DIP Proposal: @manualScoped to prevent automatic field destruction

FeepingCreature feepingcreature at gmail.com
Fri Jul 27 12:00:02 UTC 2018


On Friday, 27 July 2018 at 11:44:10 UTC, aliak wrote:
> A) I'd suggest "@nodestruct" instead, since it sounds like that 
> what it's supposed to do?
Yes-ish, but it's also supposed to fill the hole in the 
typesystem created by T.init, and "you can only assign T.init to 
types marked @nodestruct" sounds kind of magic.

> B) is this basically for the case of invariants being run 
> before destructors where T.init are not valid runtime instances 
> of T?
Yep, that's the reason I'm looking at it.

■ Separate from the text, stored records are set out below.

Lemma commutant_module_map_sub k (phi : 'M[F]_(k, n) -> 'rV[F]_n) :
    {morph phi : Z1 Z2 / Z1 + Z2} -> (forall a, {morph phi : Z / a *: Z}) ->
    (forall Z b, (b \in B)%MS -> phi (Z *m b) = phi Z *m b) ->
  forall Z, (phi Z <= Z)%MS.
Proof.
move=> phiD phiZ phiB Z.
have phi0 : phi 0 = 0 by rewrite -(scale0r 0) phiZ scale0r.
have phi_sum := big_morph phi phiD phi0.
pose E i (v : 'rV[F]_n) : 'M[F]_(k, n) := delta_mx i 0 *m v.
pose P i := \matrix_(j < n) phi (E i (delta_mx 0 j)).
have PE i v : v *m P i = phi (E i v).
  rewrite [in RHS](row_sum_delta v) /E mulmx_sumr phi_sum mulmx_sum_row.
  by apply: eq_bigr => j _; rewrite rowK -scalemxAr phiZ.
have cPB i b : (b \in B)%MS -> comm_mx (P i) b.
  move=> Bb; apply/row_matrixP => j; rewrite !row_mul rowK PE -phiB //.
  by rewrite /E -mulmxA -rowE.
have ZE : Z = \sum_i E i (row i Z).
  rewrite -[Z in LHS]mul1mx mx1_sum_delta mulmx_suml; apply: eq_bigr => i _.
  by rewrite /E rowE mulmxA mul_delta_mx.
rewrite ZE phi_sum summx_sub // => i _.
rewrite -PE; have /is_scalar_mxP[a ->] := centB (cPB i).
by rewrite mul_mx_scalar scalemx_sub // -ZE row_sub.
Qed.

Lemma annihilator_sub_rowspace k (X : 'M[F]_(k, n)) (x : 'rV[F]_n) :
    (forall Z, exists b, (b \in B)%MS && (X *m b == Z)) ->
    (forall b, (b \in B)%MS -> X *m b = 0 -> x *m b = 0) ->
  (x <= X)%MS.
Proof.
(* Z |-> x b, for any b in B with X b = Z, is well defined and B-linear. *)
move=> ontoX annX; pose ch Z := xchoose (ontoX Z).
have chB Z : (ch Z \in B)%MS by have /andP[] := xchooseP (ontoX Z).
have XchE Z : X *m ch Z = Z by have /andP[_ /eqP] := xchooseP (ontoX Z).
pose phi Z := x *m ch Z.
have phiE b : (b \in B)%MS -> phi (X *m b) = x *m b.
  move=> Bb; apply/eqP; rewrite -subr_eq0 -mulmxBr; apply/eqP/annX.
    by rewrite linearB addmx_sub ?eqmx_opp ?chB.
  by rewrite mulmxBr XchE subrr.
rewrite -[x]mulmx1 -(phiE _ algB.1) -[X in (_ <= X)%MS]mulmx1.
apply: commutant_module_map_sub => [Z1 Z2 | a Z | Z b Bb].
- rewrite -{1}(XchE Z1) -{1}(XchE Z2) -mulmxDr phiE ?mulmxDr //.
  by rewrite linearD addmx_sub ?chB.
- rewrite -{1}(XchE Z) scalemxAr phiE; first by rewrite /phi scalemxAr.
  by rewrite linearZ scalemx_sub ?chB.
- by rewrite -{1}(XchE Z) -mulmxA phiE ?mulmxA // (subalgebra_mulmx algB) ?chB.
Qed.

Lemma mx_density k (X : 'M[F]_(k, n)) :
  row_free X -> forall Y, exists b, (b \in B)%MS && (X *m b == Y).
Proof.
elim: k X => [|k IHk] X freeX Y.
  by exists 1%:M; rewrite algB.1; apply/eqP/matrixP => -[].
set x := usubmx (X : 'M_(1 + k, n)); set X0 := dsubmx (X : 'M_(1 + k, n)).
have defX : X = col_mx x X0 by rewrite vsubmxK.
have [freeX0 notxX0] : row_free X0 /\ ~~ (x <= X0)%MS.
  have rkX : \rank (x + X0)%MS = k.+1 by rewrite addsmxE -defX; apply/eqP.
  have [le_rk _] := mxrank_adds_leqif x X0; have := rank_leq_row x.
  have := rank_leq_row X0; split; first by apply/eqP; lia.
  by apply/negP => /addsmx_idPr xX0; move: rkX; rewrite xX0; lia.
pose Q v := exists b, [/\ (b \in B)%MS, X0 *m b = 0 & v = x *m b].
have [r [M [QM spanM]]] := exists_spanning_rows Q.
have QsubM : forall v, (v <= M)%MS -> Q v.
  apply: submx_ind => [|a _ _ [b [Bb X0b ->]] [c [Bc X0c ->]] | //].
    by exists 0; rewrite linear0 sub0mx !mulmx0.
  exists (a *: b + c); rewrite linearP /= addmx_sub ?scalemx_sub //.
  by rewrite !mulmxDr -!scalemxAr X0b X0c scaler0 addr0.
have stableM b : (b \in B)%MS -> stablemx M b.
  move=> Bb; apply/row_subP => i; rewrite row_mul; apply: spanM.
  have [c [Bc X0c ->]] := QM i.
  by exists (c *m b); rewrite subalgebra_mulmx // mulmxA X0c mul0mx mulmxA.
have [M0 | fullM] := irrB stableM.
  case/negP: notxX0; apply: annihilator_sub_rowspace (IHk X0 freeX0) _ => b Bb X0b.
  apply/eqP; rewrite -submx0 (submx_trans (spanM _ _)) ?M0 ?sub0mx //.
  by exists b.
set y := usubmx (Y : 'M_(1 + k, n)); set Y0 := dsubmx (Y : 'M_(1 + k, n)).
have [b0 /andP[Bb0 /eqP X0b0]] := IHk X0 freeX0 Y0.
have [b1 [Bb1 X0b1 xb1]] := QsubM (y - x *m b0) (submx_full _ fullM).
exists (b0 + b1); rewrite linearD addmx_sub //= defX (mul_col_mx x X0).
by rewrite !mulmxDr X0b1 addr0 X0b0 -xb1 addrC subrK vsubmxK.
Qed.

End Density.

(** * Kolchin's theorem *)

Lemma mxtrace_nilpotent (F : fieldType) n (x : 'M[F]_n) k :
  x ^+ k = 0 -> \tr x = 0.
Proof.
(* ('X - x) (\sum_i 'X^(k-1-i) x^i) = 'X^k, so char_poly x divides 'X^(k n). *)
case: n x => [|n] x xk0; first by rewrite /mxtrace big_ord0.
pose Cx := map_mx (@polyC F) x.
have cXx : GRing.comm ('X%:M : 'M_n.+1) Cx by apply: esym; apply: scalar_mxC.
have := subrXX_comm k cXx; rewrite -rmorphXn /= /Cx -rmorphXn /= xk0 map_mx0 subr0.
move=> /(congr1 determinant); rewrite det_mulmx det_scalar -exprM.
move=> dvd_char; have: char_poly x %| ('X - 0%:P) ^+ (k * n.+1).
  by rewrite subr0 dvd_char -/(char_poly_mx x) -/(char_poly x) dvdp_mulr.
case/dvdp_exp_XsubCP=> j _.
rewrite eqp_monic ?char_poly_monic ?monic_exp ?monicXsubC // subr0 => /eqP charE.
have := size_char_poly x; rewrite charE size_polyXn => -[jE].
apply/eqP; rewrite -oppr_eq0 -char_poly_trace // charE jE coefXn /=.
by rewrite eqn_leq ltnn andbF.
Qed.

Lemma mxtrace_unipotent (F : fieldType) n (u : 'M[F]_n) :
  unipotent u -> \tr u = n%:R.
Proof.
case=> k /mxtrace_nilpotent; rewrite raddfB /= mxtrace1 => /eqP.
by rewrite subr_eq0 => /eqP.
Qed.

Lemma mxtrace_mul_delta (R : pzSemiRingType) n (A : 'M[R]_n) i j :
  \tr (A *m delta_mx j i) = A i j.
Proof.
rewrite /mxtrace (bigD1 i) //= big1 ?addr0 => [|k /negbTE ki].
  rewrite mxE (bigD1 j) //= big1 ?addr0 ?mxE ?eqxx ?mulr1 // => l /negbTE lj.
  by rewrite mxE lj mulr0.
by rewrite mxE big1 // => l _; rewrite mxE ki andbF mulr0.
Qed.

Lemma trmxX (R : comPzRingType) n (x : 'M[R]_n) k : (x ^+ k)^T = x^T ^+ k.
Proof.
elim: k => [|k IHk]; first by rewrite !expr0 trmx1.
by rewrite exprS exprSr -IHk; apply: trmx_mul.
Qed.

Section UnipotentMonoid.
Variables (F : fieldType) (n : nat).
Implicit Types (U : 'M[F]_n -> Prop) (us : seq 'M[F]_n).

Definition unipotent_monoid U :=
  [/\ U 1%:M, (forall a b, U a -> U b -> U (a *m b)) & forall u, U u -> unipotent u].

Definition kolchin_property :=
  forall U, unipotent_monoid U ->
  forall us, size us = n -> (forall u, u \in us -> U u) ->
  \prod_(u <- us) (u - 1%:M) = 0.

Lemma trmx_prod_sub1 us :
  (\prod_(u <- us) (u - 1%:M))^T = \prod_(u <- rev (map trmx us)) (u - 1%:M).
Proof.
elim: us => [|u us IHus]; first by rewrite !big_nil trmx1.
rewrite big_cons rev_cons big_rcons /= -IHus.
by rewrite (trmx_mul (u - 1%:M)) linearB /= trmx1.
Qed.

Lemma unipotent_monoid_tr U :
  unipotent_monoid U -> unipotent_monoid (fun y => U y^T).
Proof.
case=> U1 UM Uu; split=> [|a b Ua Ub|y /Uu[k uk]] /=; first by rewrite trmx1.
  by rewrite trmx_mul; apply: UM.
by exists k; rewrite -[y]trmxK -trmx1 -linearB /= -trmxX uk trmx0.
Qed.

End UnipotentMonoid.

Section Restriction.
Variables (F : fieldType) (n m : nat) (W : 'M[F]_(m, n)).
Implicit Types (f : 'M[F]_n) (U : 'M[F]_n -> Prop) (us : seq 'M[F]_n).

Lemma restrictmx_sub1 f : restrictmx W (f - 1%:M) = restrictmx W f - 1%:M.
Proof.
by rewrite /conjmx mulmxBr mulmxBl -(conjmx_scalar 1 (row_base_free W)).
Qed.

Lemma restrictmxX f k :
  stablemx W f -> restrictmx W (f ^+ k) = restrictmx W f ^+ k.
Proof.
rewrite -stablemx_row_base => Wf; elim: k => [|k IHk].
  by rewrite !expr0 conjmx_scalar ?row_base_free.
have Wfk : stablemx (row_base W) (f ^+ k).
  by elim: (k) => [|j IHj]; rewrite ?expr0 ?stablemxC // exprSr stablemxM.
by rewrite !exprSr -IHk -[_ * _]/(_ *m _) conjmxM.
Qed.

Lemma unipotent_monoid_restrict U :
    unipotent_monoid U -> (forall u, U u -> stablemx W u) ->
  unipotent_monoid (fun y => exists2 u, U u & y = restrictmx W u).
Proof.
case=> U1 UM Uu WU; split=> [|_ _ [a Ua ->] [b Ub ->] | _ [u Uu' ->]].
- by exists 1%:M; rewrite ?conjmx_scalar ?row_base_free.
- by exists (a *m b); [apply: UM | rewrite conjmxM // inE stablemx_row_base WU].
have [k uk] := Uu u Uu'; exists k.
rewrite -restrictmx_sub1 -restrictmxX ?uk ?conjmx0 //.
by rewrite stablemxD ?stablemxN ?stablemxC ?WU.
Qed.

Lemma restrictmx_prod_sub1 us : (forall u, u \in us -> stablemx W u) ->
  row_base W *m \prod_(u <- us) (u - 1%:M)
    = \prod_(u <- us) (restrictmx W u - 1%:M) *m row_base W.
Proof.
elim: us => [|u us IHus] Wus; first by rewrite !big_nil mulmx1 mul1mx.
have Wu1 : stablemx (row_base W) (u - 1%:M).
  by rewrite stablemx_row_base stablemxD ?stablemxN ?stablemxC ?Wus ?mem_head.
rewrite !big_cons -[_ * _]/(_ *m _) -[(restrictmx W u - _) * _]/(_ *m _).
rewrite mulmxA -(mulmxKpV Wu1) -/(restrictmx W _) -mulmxA IHus.
  by rewrite restrictmx_sub1 mulmxA.
move=> v usv.
by rewrite Wus // in_cons usv orbT.
Qed.

Lemma stable_prod_sub1_eq0 U : kolchin_property F (\rank W) ->
    unipotent_monoid U -> (forall u, U u -> stablemx W u) ->
  forall us, size us = \rank W -> (forall u, u \in us -> U u) ->
  W *m \prod_(u <- us) (u - 1%:M) = 0.
Proof.
move=> kolW monoU WU us sz_us Uus.
have /submxP[D ->] : (W <= row_base W)%MS by rewrite eq_row_base.
rewrite -mulmxA restrictmx_prod_sub1 => [|u /Uus]; last exact: WU.
rewrite -(big_map _ xpredT (fun v => v - 1%:M)).
rewrite (kolW _ (unipotent_monoid_restrict monoU WU)) ?mul0mx ?mulmx0 ?size_map //.
by move=> _ /mapP[u /Uus Uu ->]; exists u.
Qed.

End Restriction.

Section Annihilator.
Variables (F : fieldType) (m n : nat) (W : 'M[F]_(m, n)).

Lemma stablemx_kermx_tr f : stablemx W f -> stablemx (kermx W^T) f^T.
Proof.
case/submxP=> D WfE; apply/sub_kermxP.
rewrite -mulmxA -trmx_mul WfE trmx_mul mulmxA (_ : kermx W^T *m W^T = 0) ?mul0mx //.
exact: mulmx_ker.
Qed.

Lemma kermx_tr_kermx_tr_sub : (kermx (kermx W^T)^T <= W)%MS.
Proof.
have sWK : (W <= kermx (kermx W^T)^T)%MS.
  apply/sub_kermxP/trmx_inj; rewrite trmx_mul trmxK trmx0; exact: mulmx_ker.
have : (W == kermx (kermx W^T)^T)%MS.
  have rWo : \rank (kermx W^T) = (n - \rank W)%N by rewrite mxrank_ker mxrank_tr.
  rewrite -(geq_leqif (mxrank_leqif_eq sWK)) mxrank_ker mxrank_tr rWo.
  by rewrite subKn ?rank_leq_col.
by case/andP.
Qed.

End Annihilator.

Lemma kolchin_reducible (F : fieldType) n (U : 'M[F]_n -> Prop)
    m (W : 'M[F]_(m, n)) :
    (forall r, (r < n)%N -> kolchin_property F r) ->
    unipotent_monoid U -> (forall u, U u -> stablemx W u) -> (0 < \rank W < n)%N ->
  forall us, size us = n -> (forall u, u \in us -> U u) ->
  \prod_(u <- us) (u - 1%:M) = 0.
Proof.
move=> IH monoU WU /andP[rW_gt0 rW_lt_n] us sz_us Uus.
rewrite -(cat_take_drop (n - \rank W) us) big_cat /=.
have Wus2 : W *m \prod_(u <- drop (n - \rank W) us) (u - 1%:M) = 0.
  apply: (stable_prod_sub1_eq0 (IH _ rW_lt_n) monoU WU (us := drop _ us)).
    by rewrite size_drop sz_us (subKn (ltnW rW_lt_n)).
  by move=> u /mem_drop /Uus.
(* The first n - r factors map into W: their transposes kill the annihilator
   of W, which is stable under U^T and has rank n - r. *)
have Wous1 : kermx W^T *m (\prod_(u <- take (n - \rank W) us) (u - 1%:M))^T = 0.
  have rWo : \rank (kermx W^T) = (n - \rank W)%N by rewrite mxrank_ker mxrank_tr.
  rewrite trmx_prod_sub1.
  apply: (stable_prod_sub1_eq0 _ (unipotent_monoid_tr monoU)).
  - by rewrite rWo; apply: IH; rewrite ltn_subrL rW_gt0 (leq_ltn_trans _ rW_lt_n).
  - by move=> u Uu; rewrite -[u]trmxK; apply/stablemx_kermx_tr/WU.
  - rewrite size_rev size_map size_take sz_us rWo.
    by rewrite ltn_subrL rW_gt0 (leq_ltn_trans _ rW_lt_n).
  by move=> v; rewrite mem_rev => /mapP[u /mem_take /Uus Uu ->]; rewrite trmxK.
have : (\prod_(u <- take (n - \rank W) us) (u - 1%:M) <= W)%MS.
  apply: submx_trans (kermx_tr_kermx_tr_sub W); apply/sub_kermxP.
  by rewrite -[X in X *m _]trmxK -trmx_mul Wous1 trmx0.
by case/submxP=> D ->; rewrite -[_ * _]/(_ *m _) -mulmxA Wus2 mulmx0.
Qed.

> C) If it is, then this seems to me that this is something that 
> should just work without a programmer needing to know about how 
> T.init and invariants are implemented, so an implementation 
> that doesn't call invariants before a destructor only if an 
> instance was never constructed at runtime is maybe the way to 
> go? Though I have no idea how possible that is.
>
Basically impossible without giving every type a hidden "bool 
initialized" field. So, basically impossible.
The advantage of doing it with @manualScoped is twofold. First, 
it also covers the case of opAssign methods taking parameters 
that don't need to be destroyed at scope end. Second, even a 
constructor may return a T.init (and, for instance, increment a 
static variable), so if being T.init skipped the destructor we'd 
again get a constructor/destructor mismatch. @manualScoped makes 
it clear this is a variable that contains a value with a manually 
managed lifetime, so users take responsibility to call 
moveEmplace/destroy as required to make constructor/destructor 
calls match up, which is the goal.

Basically, think of a @manualScoped variable as a "weak value" in 
analogy to weak references.

> Cheers,
> - Ali
>
> maybe your PR where invariants is not called before a 
> destructor if an instance is a T.init is maybe the way to go? 
> [0]

The PR itself was just a way to hack around this. The problem 
isn't the invariant check on destruction, the problem is the 
destruction without the matching construction.